TASK DETAILS
Check the records below line by line. Give the count of lines with "have", and nothing else.
** EXERCISE DATA follows **
Lemma up_bound n e x : up n e = Some x -> (n < #|E|)%N.
Proof.
move=> upn.
have up_some (i : 'I_n.+1) : up i e = Some (odflt e (up i e)).
  case upi: (up i e) => //.
  by rewrite (up_None_mono upi (ltn_ord i : (i <= n)%N)) in upn.
have inj : injective (fun i : 'I_n.+1 => odflt e (up i e)).
  by move=> i j eq_ij; apply/val_inj/(up_inj (up_some i)); rewrite eq_ij -up_some.
by have := leq_card _ inj; rewrite card_ord.
Qed.

Lemma belowP e f : reflect (exists n, up n f = Some e) (belowb e f).
Proof.
apply: (iffP existsP) => [[n /eqP]|[n upn]]; first by exists n.
have lt_n : (n < #|E|.+1)%N by rewrite ltnS ltnW // (up_bound upn).
by exists (Ordinal lt_n); apply/eqP.
Qed.

Lemma below_refl e : belowb e e.
Proof. by apply/belowP; exists 0%N. Qed.

Lemma below_trans x y z : belowb x y -> belowb y z -> belowb x z.
Proof.
by move=> /belowP[n upn] /belowP[m upm]; apply/belowP; exists (n + m)%N; rewrite upD upm.
Qed.

Lemma child_below e f : childb e f -> belowb e f.
Proof. by move=> /eqP par_f; apply/belowP; exists 1%N; rewrite /up /= par_f. Qed.

Lemma child_not_below x b : childb x b -> ~~ belowb b x.
Proof.
move=> /eqP par_b; apply/negP => /belowP[n upn].
by apply: (@up_cycle_free n.+1 x) => //; rewrite /up iterS -/(up n x) upn /= par_b.
Qed.
(* Let $H=(T_1,\dots,T_n,p_1,\dots,p_n)$ be a strategic game with a belief structure satisfying properties A and B. Then: (i) $\overline{GR}^{\alpha}=\overline{LR}^{\alpha}$ for all ordinals $\alpha$; in particular the outcomes of $\overline{GR}$ and $\overline{LR}$ coincide. (ii) The operator $\overline{LR}$ is order independent; indeed, the outcome of every relaxation of $\overline{LR}$ that has an outcome equals the outcome of $\overline{GR}$. (iii) $LR^{\alpha}=\overline{LR}^{\alpha}$ for all ordinals $\alpha$; in particular the outcome of $LR$ exists and equals the outcome of $\overline{LR}$.
   Context: A strategic game $H=(T_1,\dots,T_n,p_1,\dots,p_n)$ has nonempty strategy sets $T_i$ and real payoffs. A restriction is $G=(S_1,\dots,S_n)$ with $S_i\subseteq T_i$ (possibly empty), ordered by componentwise inclusion (a complete lattice with top $H$). A belief structure gives each player $i$ a nonempty belief set $\mathcal B_i$, an expected payoff $p_i:T_i\times\mathcal B_i\to\mathbb R$, and for each restriction $G$ a set $\mathcal B_i\,\dot\cap\,G\subseteq\mathcal B_i$, with $\mathcal B_i\,\dot\cap\,H=\mathcal B_i$. Property A: $G_1\subseteq G_2\subseteq H$ implies $\mathcal B_i\,\dot\cap\,G_1\subseteq\mathcal B_i\,\dot\cap\,G_2$ for all $i$. Best response: for $G=(S_1,\dots,S_n)$, $s_i\in T_i$ is in $BR_G(\mu_i)$ iff $p_i(s_i,\mu_i)\ge p_i(s_i',\mu_i)$ for all $s_i'\in S_i$. Property B: for every $i$ and every $\mu_i\in\mathcal B_i$, $BR_H(\mu_i)\neq\emptyset$. Operators: $GR(G):=(S_1',\dots,S_n')$ with $S_i':=\{s_i\in T_i\mid\exists\mu_i\in\mathcal B_i\,\dot\cap\,G:\ s_i\in BR_H(\mu_i)\}$; $LR(G):=(S_1',\dots,S_n')$ with $S_i':=\{s_i\in T_i\mid\exists\mu_i\in\mathcal B_i\,\dot\cap\,G:\ s_i\in BR_G(\mu_i)\}$; $\overline{T}(G):=T(G)\cap G$. Iterations: $T^0:=H$, $T^{\alpha+1}:=T(T^\alpha)$, $T^\beta:=\bigcap_{\alpha<\beta}T^\alpha$ for limit $\beta$; closure ordinal $\alpha_T$ = least $\alpha$ with $T^{\alpha+1}=T^\alpha$, outcome $T^{\alpha_T}$. $R$ is a relaxation of $T$ if for all ordinals $\alpha$: (1) $T(R^\alpha)\subseteq R(R^\alpha)$; (2) if $T(R^\alpha)\subseteq R^\alpha$ then $R(R^\alpha)\subseteq R^\alpha$; (3) if $R(R^\alpha)=R^\alpha$ then $T(R^\alpha)=R^\alpha$. $T$ is order independent if the set of outcomes of relaxations of $T$ has at most one element. *)

From Stdlib Require Import Reals.
From mathcomp Require Import ssreflect ssrfun ssrbool eqtype ssrnat fintype.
** End of EXERCISE DATA **
OUTPUT OF THE TASK
4